Session I: Invited Speaker
Multistate survival analysis in Stata
Abstract: Multistate models are increasingly being used to model complex disease profiles. By modeling transitions between disease states accounting for competing events at each transition we can gain a much richer understanding of patient trajectories and how risk factors impact over the entire disease pathway. In this presentation, I will introduce some new Stata commands for the analysis of multistate survival data. msset is a data preparation tool that converts a dataset from wide (one observation per subject, multiple time and status variables) to long (one observation for each transition for which a subject is at risk for). msaj calculates the nonparametric Aalen–Johansen estimates of transition probabilities. msboxes creates a descriptive plot of the multistate process through the transition matrix and numbers at risk. stms fits joint transition-specific survival models, which allow each transition to have a different parametric model. Yet each model is maximized jointly to enable sharing of covariate effects across transitions. predictms calculates a variety of predictions from a multistate survival model, including transition probabilities, length of stay (restricted mean time in each state), the probability of ever visiting each state, and more. Predictions are made at user-specified covariate patterns. One can calculate differences and ratios of predictions across covariate patterns. Standardized (population-averaged) predictions can be obtained. Confidence intervals for all quantities are available. One can use simulation or the Aalen–Johansen estimator to calculate all quantities. One can calculate user-defined predictions by providing a community-contributed Mata function to provide complete flexibility. predictms can be used with a general transition matrix (cyclic or acyclic) and allows the use of transition-specific timescales. I will illustrate the software using a dataset of patients with primary breast cancer.
Michael J. Crowther
University of Leicester
Session II: Community-contributed, I
The Stata module CUB for fitting mixture models for ordinal data
Abstract: We present CUB, a Stata module for modeling ordinal data via a class of finite mixture distributions accounting for both uncertainty and feeling components of an ordered decisional process. This routine allows for modeling also over dispersion, inflated categories, and large heterogeneity occurrences. Model parameters are estimated by maximum likelihood. We explore various features of the package CUB, including simulation routines.
Christopher F. Baum
Francesca di Iorio
Università degli Studi di Napoli Federico II
Two-part models, hurdle models, and zero-inflated models are robust to endogeneity among the parts
Abstract: There are many models for an outcome that a mass point at a boundary value is continuously or discrete distributed over a large number of off-boundary values. Two-part models (TPMs), hurdle models (HMs), and zero-inflated models (ZIMs) use different approaches to combine distinct models for boundary and off-boundary values. Except for a few "cake debate" papers whose assertions were not accepted, the vast majority of the literature has either assumed that the process determining when the outcome is on or off the boundary must be exogenous or that any endogeneity must be modeled. Drukker (2017) showed that, contrary to conventional belief, TPMs are robust to endogeneity of the on-off boundary process in that they identify the mean of the outcome conditional on covariates.
In this presentation, I cover the following points:
David M. Drukker
Risk-adjustment procedures and graphical representations of outcome rates for institutional comparisons
Abstract: An overriding goal of outcomes research is measuring and comparing hospital performance using readily available administrative data.
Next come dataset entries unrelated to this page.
Lemma dist_triangle x y z : dist e x z <= dist e x y + dist e y z.
Proof. by apply: dist_min; apply: walk_len_cat; apply: walk_dist. Qed.

Lemma dist_eq0 x y : (dist e x y == 0) = (x == y).
Proof.
apply/eqP/eqP => [d0 | ->]; last by apply/eqP; rewrite -leqn0 dist_min ?walk_len0.
by apply/eqP; rewrite -walk_len0 -d0 walk_dist.
Qed.

Lemma dist_edge x y : e x y -> dist e x y <= 1.
Proof. by move=> exy; apply: dist_min; apply: walk_len1. Qed.

End Distance.

Section Profile.
Variables (T : finType) (e : rel T) (V1 V2 : {set T}) (phi : T -> T).
Hypotheses (phi_inj : {in V1 &, injective phi}) (phi_V1 : phi @: V1 = V2)
  (phi_dist : {in V1 &, forall x y, dist e (phi x) (phi y) = dist e x y}).

Lemma imset_in_inj (S S' : {set T}) :
  S \subset V1 -> S' \subset V1 -> phi @: S = phi @: S' -> S = S'.
Proof.
suff sub (A B : {set T}) :
    A \subset V1 -> B \subset V1 -> phi @: A = phi @: B -> A \subset B.
  move=> sS sS' eqS; apply/eqP; rewrite eqEsubset.
  by rewrite (sub _ _ sS sS' eqS) (sub _ _ sS' sS (esym eqS)).
move=> sA sB eqAB; apply/subsetP => x xA.
have /imsetP [y yB eqxy] : phi x \in phi @: B by rewrite -eqAB imset_f.
by rewrite (phi_inj (subsetP sA x xA) (subsetP sB y yB) eqxy).
Qed.

Lemma imset_preimset (S : {set T}) : S \subset V2 -> phi @: (V1 :&: phi @^-1: S) = S.
Proof.
move=> sSV2; apply/setP => y; apply/imsetP/idP => [[x] | yS].
  by rewrite !inE => /andP [_ ?] ->.
have /imsetP [x xV1 yx] : y \in phi @: V1 by rewrite phi_V1 (subsetP sSV2).
by exists x => //; rewrite !inE xV1 -yx.
Qed.

Lemma exists_pair_dist_imset d (S : {set T}) : S \subset V1 ->
  [exists x in phi @: S, exists y in phi @: S, (x != y) && (dist e x y == d)] =
  [exists x in S, exists y in S, (x != y) && (dist e x y == d)].
Proof.
move=> sSV1; have V1S := subsetP sSV1.
have phi_pair x y : x \in S -> y \in S ->
    (phi x != phi y) && (dist e (phi x) (phi y) == d) = (x != y) && (dist e x y == d).
  move=> xS yS; rewrite phi_dist ?V1S //; congr (~~ _ && _).
  by apply/eqP/eqP => [/phi_inj -> | ->] //; apply: V1S.
apply/existsP/existsP => [[_ /andP [/imsetP [x xS ->]]] | [x /andP [xS]]].
  move=> /existsP [_ /andP [/imsetP [y yS ->]]]; rewrite phi_pair // => pxy.
  by exists x; rewrite xS; apply/existsP; exists y; rewrite yS.
move=> /existsP [y /andP [yS pxy]]; exists (phi x); rewrite imset_f //.
by apply/existsP; exists (phi y); rewrite imset_f // phi_pair.
Qed.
Risk-adjustment techniques develop from conventional logistic regression analysis, but some precautions must be taken into account for the positive correlation between observations from within the same hospital. These include the use of generalized estimating equations, which are available in Stata as xtgee. Two effective graphs that illustrate outcome measures across different providers and incorporate sample size information are the caterpillar plot and the funnel plot, which can be obtained using the eclplot and funnelcompar packages, respectively.
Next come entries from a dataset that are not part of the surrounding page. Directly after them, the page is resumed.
(* Write E = e^t, K = 1 + a^2 and c = muH a = cos (atan a) = K^(-1/2).  Up to the
   rotation by e^(i beta), Phi maps the geodesic gamma_{beta,a} onto the chord of the
   disk at angle atan a, reached at the parameter u = phi(t) = c (K E^2 - 1) / (K E^2 + 1),
   and x(gamma(t)) = X(t) = 2 E / (K E^2 + 1).  These satisfy c^2 - phi^2 = X^2 = c phi',
   and d = c^2 - u^2 on the chord, so x^(2+2 gam) (f o Phi) along gamma equals
   c phi' (d^gam f) along the chord at phi(t): the identity is the substitution u = phi(t).
   Since 2 + 2 gam > 0, X^(2+2 gam) <= 2^(2+2 gam) e^(-(2+2 gam)|t|) is dominated by the
   derivative of a bounded logistic function, so the Cauchy criterion gives convergence
   of the hyperbolic integral. *)

From Stdlib Require Import Reals Lra Psatz.
From Coquelicot Require Import Coquelicot.
Open Scope R_scope.

Lemma at_right_open_interval (p q : R) : p < q -> at_right p (fun u => p < u < q).
Proof.
  intros hpq; unfold at_right, within.
  apply (filter_imp (fun u => u < q)); [intros; lra | now apply open_lt].
Qed.

Lemma at_left_open_interval (p q : R) : p < q -> at_left q (fun u => p < u < q).
Proof.
  intros hpq; unfold at_left, within.
  apply (filter_imp (fun u => p < u)); [intros; lra | now apply open_gt].
Qed.

Section ImproperIntegral.

Context {V : CompleteNormedModule R_AbsRing}.

Lemma norm_RInt_le_primitive (h : R -> V) (H dH : R -> R) :
  (forall t, continuous h t) -> (forall t, is_derive H t (dH t)) ->
  (forall t, continuous dH t) -> (forall t, norm (h t) <= dH t) ->
  forall x y, norm (RInt h x y) <= Rabs (H y - H x).
Proof.
  intros hc hd hdc hb.
  assert (hle : forall x y, x <= y -> norm (RInt h x y) <= Rabs (H y - H x)).
  { intros x y hxy.
    eapply Rle_trans; [| apply Rle_abs].
    apply (norm_RInt_le h dH x y (RInt h x y) (H y - H x) hxy); [intros; apply hb | |].
    - apply RInt_correct, ex_RInt_continuous; intros; apply hc.
    - apply (is_RInt_derive H dH); intros; auto. }
  intros x y; destruct (Rle_or_lt x y) as [hxy | hxy]; [now apply hle |].
  rewrite <- opp_RInt_swap by (apply ex_RInt_continuous; intros; apply hc).
  rewrite (norm_opp (V := V)), Rabs_minus_sym; apply hle; lra.
Qed.

Lemma minus_RInt_Chasles (h : R -> V) (x x' y y' : R) :
  (forall u v, ex_RInt h u v) ->
  minus (RInt h x' y') (RInt h x y) = plus (RInt h x' x) (RInt h y y').
Proof.
  intros hex.
  rewrite <- (RInt_Chasles h x' x y'), <- (RInt_Chasles h x y y') by auto.
  set (A := RInt h x' x); set (B := RInt h x y); set (D := RInt h y y').
  unfold minus; rewrite (plus_comm B D), plus_assoc, <- (plus_assoc _ B).
  rewrite (plus_opp_r (G := V)), (plus_zero_r (G := V)).
  reflexivity.
Qed.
Università degli Studi di Bologna
Session III: Exploiting the potential of Stata 15, I
Efficient dynamic documents using Stata
Abstract: Stata 15 includes three new commands for producing dynamic documents: dyndoc, putdocx, and putpdf. These commands have generated much interest in the user community; this has led to a large amount of community-contributed software. In this presentation, I'll give some tips about how to use the commands efficiently both with official Stata software and with some of these community-contributed tools.
Session IV: Community-contributed, II
Recurrent-event analysis with Stata: Methods and applications
Abstract: In medical studies, the event of interest can often recur in the same patient over time. Even if time-to-first event analysis or the Poisson regression are still possible, they prevent the use of data to its full potential. If the outcome can occur more than once, failure times are correlated within subject and methods accounting for lack of independence are needed. Different statistical models are available for analyzing such data, including the Andersen and Gill (AG) model, the Prentice, Williams, and Peterson Total Time (PWP-TT) model, and frailty models. I will review statistical techniques for multiple-failure survival data and show how to implement them in Stata.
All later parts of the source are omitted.